▸ Work item
Return every entry exactly. Leave nothing out.
--- --- ---
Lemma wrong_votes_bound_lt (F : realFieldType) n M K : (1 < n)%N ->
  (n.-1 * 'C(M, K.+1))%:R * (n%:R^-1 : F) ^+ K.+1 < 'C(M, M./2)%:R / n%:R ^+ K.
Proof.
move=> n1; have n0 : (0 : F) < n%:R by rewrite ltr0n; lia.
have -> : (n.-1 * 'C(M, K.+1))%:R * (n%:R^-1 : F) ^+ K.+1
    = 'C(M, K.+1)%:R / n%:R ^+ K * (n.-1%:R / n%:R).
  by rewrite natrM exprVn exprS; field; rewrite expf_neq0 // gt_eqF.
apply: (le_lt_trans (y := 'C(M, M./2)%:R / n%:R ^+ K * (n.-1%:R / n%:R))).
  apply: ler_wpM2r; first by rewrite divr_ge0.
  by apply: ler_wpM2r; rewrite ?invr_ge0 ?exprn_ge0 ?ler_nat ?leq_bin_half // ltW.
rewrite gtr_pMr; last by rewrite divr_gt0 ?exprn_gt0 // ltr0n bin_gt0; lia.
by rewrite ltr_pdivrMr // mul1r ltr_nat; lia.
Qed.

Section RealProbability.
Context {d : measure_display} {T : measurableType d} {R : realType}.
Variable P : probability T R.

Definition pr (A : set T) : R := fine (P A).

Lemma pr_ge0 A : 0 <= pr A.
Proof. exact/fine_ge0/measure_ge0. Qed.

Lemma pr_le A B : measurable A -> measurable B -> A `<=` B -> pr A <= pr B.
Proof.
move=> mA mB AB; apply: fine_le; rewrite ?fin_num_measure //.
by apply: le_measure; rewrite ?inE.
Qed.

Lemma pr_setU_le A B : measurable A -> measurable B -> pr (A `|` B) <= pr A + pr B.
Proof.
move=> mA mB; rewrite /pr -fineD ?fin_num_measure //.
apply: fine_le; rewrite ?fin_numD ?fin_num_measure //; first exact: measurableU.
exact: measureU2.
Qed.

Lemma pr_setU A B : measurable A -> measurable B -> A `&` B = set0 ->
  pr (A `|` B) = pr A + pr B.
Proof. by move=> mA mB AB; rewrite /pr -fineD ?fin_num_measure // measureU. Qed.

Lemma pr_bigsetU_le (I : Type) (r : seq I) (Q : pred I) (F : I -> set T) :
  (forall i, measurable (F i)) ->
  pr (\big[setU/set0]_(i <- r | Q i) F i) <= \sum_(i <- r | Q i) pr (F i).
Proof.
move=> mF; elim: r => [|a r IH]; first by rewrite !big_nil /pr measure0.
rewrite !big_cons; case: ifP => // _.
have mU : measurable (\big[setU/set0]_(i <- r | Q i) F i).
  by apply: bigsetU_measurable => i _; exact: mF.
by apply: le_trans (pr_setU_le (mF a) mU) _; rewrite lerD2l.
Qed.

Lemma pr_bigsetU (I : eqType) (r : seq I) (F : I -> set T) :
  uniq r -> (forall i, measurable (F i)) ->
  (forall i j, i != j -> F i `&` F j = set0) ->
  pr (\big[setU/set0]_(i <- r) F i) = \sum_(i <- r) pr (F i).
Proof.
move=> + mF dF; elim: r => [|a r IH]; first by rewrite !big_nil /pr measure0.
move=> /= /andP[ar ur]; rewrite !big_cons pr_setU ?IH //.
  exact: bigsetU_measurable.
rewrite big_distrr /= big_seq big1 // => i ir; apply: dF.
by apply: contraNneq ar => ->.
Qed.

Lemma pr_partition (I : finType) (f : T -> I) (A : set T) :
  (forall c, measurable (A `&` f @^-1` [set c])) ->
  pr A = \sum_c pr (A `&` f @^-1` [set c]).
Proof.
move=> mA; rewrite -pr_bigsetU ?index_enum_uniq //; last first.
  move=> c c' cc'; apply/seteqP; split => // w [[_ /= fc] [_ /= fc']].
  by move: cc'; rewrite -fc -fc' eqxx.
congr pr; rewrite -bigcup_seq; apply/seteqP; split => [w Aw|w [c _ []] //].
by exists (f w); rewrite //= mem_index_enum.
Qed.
--- --- ---
▸ Result of the task
Lemma wrong_votes_bound_lt (F : realFieldType) n M K : (1 < n)%N ->
  (n.-1 * 'C(M, K.+1))%:R * (n%:R^-1 : F) ^+ K.+1 < 'C(M, M./2)%:R / n%:R ^+ K.
Proof.
move=> n1; have n0 : (0 : F) < n%:R by rewrite ltr0n; lia.
have -> : (n.-1 * 'C(M, K.+1))%:R * (n%:R^-1 : F) ^+ K.+1
    = 'C(M, K.+1)%:R / n%:R ^+ K * (n.-1%:R / n%:R).
  by rewrite natrM exprVn exprS; field; rewrite expf_neq0 // gt_eqF.
apply: (le_lt_trans (y := 'C(M, M./2)%:R / n%:R ^+ K * (n.-1%:R / n%:R))).
  apply: ler_wpM2r; first by rewrite divr_ge0.
  by apply: ler_wpM2r; rewrite ?invr_ge0 ?exprn_ge0 ?ler_nat ?leq_bin_half // ltW.
rewrite gtr_pMr; last by rewrite divr_gt0 ?exprn_gt0 // ltr0n bin_gt0; lia.
by rewrite ltr_pdivrMr // mul1r ltr_nat; lia.
Qed.

Section RealProbability.
Context {d : measure_display} {T : measurableType d} {R : realType}.
Variable P : probability T R.

Definition pr (A : set T) : R := fine (P A).

Lemma pr_ge0 A : 0 <= pr A.
Proof. exact/fine_ge0/measure_ge0. Qed.

Lemma pr_le A B : measurable A -> measurable B -> A `<=` B -> pr A <= pr B.
Proof.
move=> mA mB AB; apply: fine_le; rewrite ?fin_num_measure //.
by apply: le_measure; rewrite ?inE.
Qed.

Lemma pr_setU_le A B : measurable A -> measurable B -> pr (A `|` B) <= pr A + pr B.
Proof.
move=> mA mB; rewrite /pr -fineD ?fin_num_measure //.
apply: fine_le; rewrite ?fin_numD ?fin_num_measure //; first exact: measurableU.
exact: measureU2.
Qed.

Lemma pr_setU A B : measurable A -> measurable B -> A `&` B = set0 ->
  pr (A `|` B) = pr A + pr B.
Proof. by move=> mA mB AB; rewrite /pr -fineD ?fin_num_measure // measureU. Qed.

Lemma pr_bigsetU_le (I : Type) (r : seq I) (Q : pred I) (F : I -> set T) :
  (forall i, measurable (F i)) ->
  pr (\big[setU/set0]_(i <- r | Q i) F i) <= \sum_(i <- r | Q i) pr (F i).
Proof.
move=> mF; elim: r => [|a r IH]; first by rewrite !big_nil /pr measure0.
rewrite !big_cons; case: ifP => // _.
have mU : measurable (\big[setU/set0]_(i <- r | Q i) F i).
  by apply: bigsetU_measurable => i _; exact: mF.
by apply: le_trans (pr_setU_le (mF a) mU) _; rewrite lerD2l.
Qed.

Lemma pr_bigsetU (I : eqType) (r : seq I) (F : I -> set T) :
  uniq r -> (forall i, measurable (F i)) ->
  (forall i j, i != j -> F i `&` F j = set0) ->
  pr (\big[setU/set0]_(i <- r) F i) = \sum_(i <- r) pr (F i).
Proof.
move=> + mF dF; elim: r => [|a r IH]; first by rewrite !big_nil /pr measure0.
move=> /= /andP[ar ur]; rewrite !big_cons pr_setU ?IH //.
  exact: bigsetU_measurable.
rewrite big_distrr /= big_seq big1 // => i ir; apply: dF.
by apply: contraNneq ar => ->.
Qed.

Lemma pr_partition (I : finType) (f : T -> I) (A : set T) :
  (forall c, measurable (A `&` f @^-1` [set c])) ->
  pr A = \sum_c pr (A `&` f @^-1` [set c]).
Proof.
move=> mA; rewrite -pr_bigsetU ?index_enum_uniq //; last first.
  move=> c c' cc'; apply/seteqP; split => // w [[_ /= fc] [_ /= fc']].
  by move: cc'; rewrite -fc -fc' eqxx.
congr pr; rewrite -bigcup_seq; apply/seteqP; split => [w Aw|w [c _ []] //].
by exists (f w); rewrite //= mem_index_enum.
Qed.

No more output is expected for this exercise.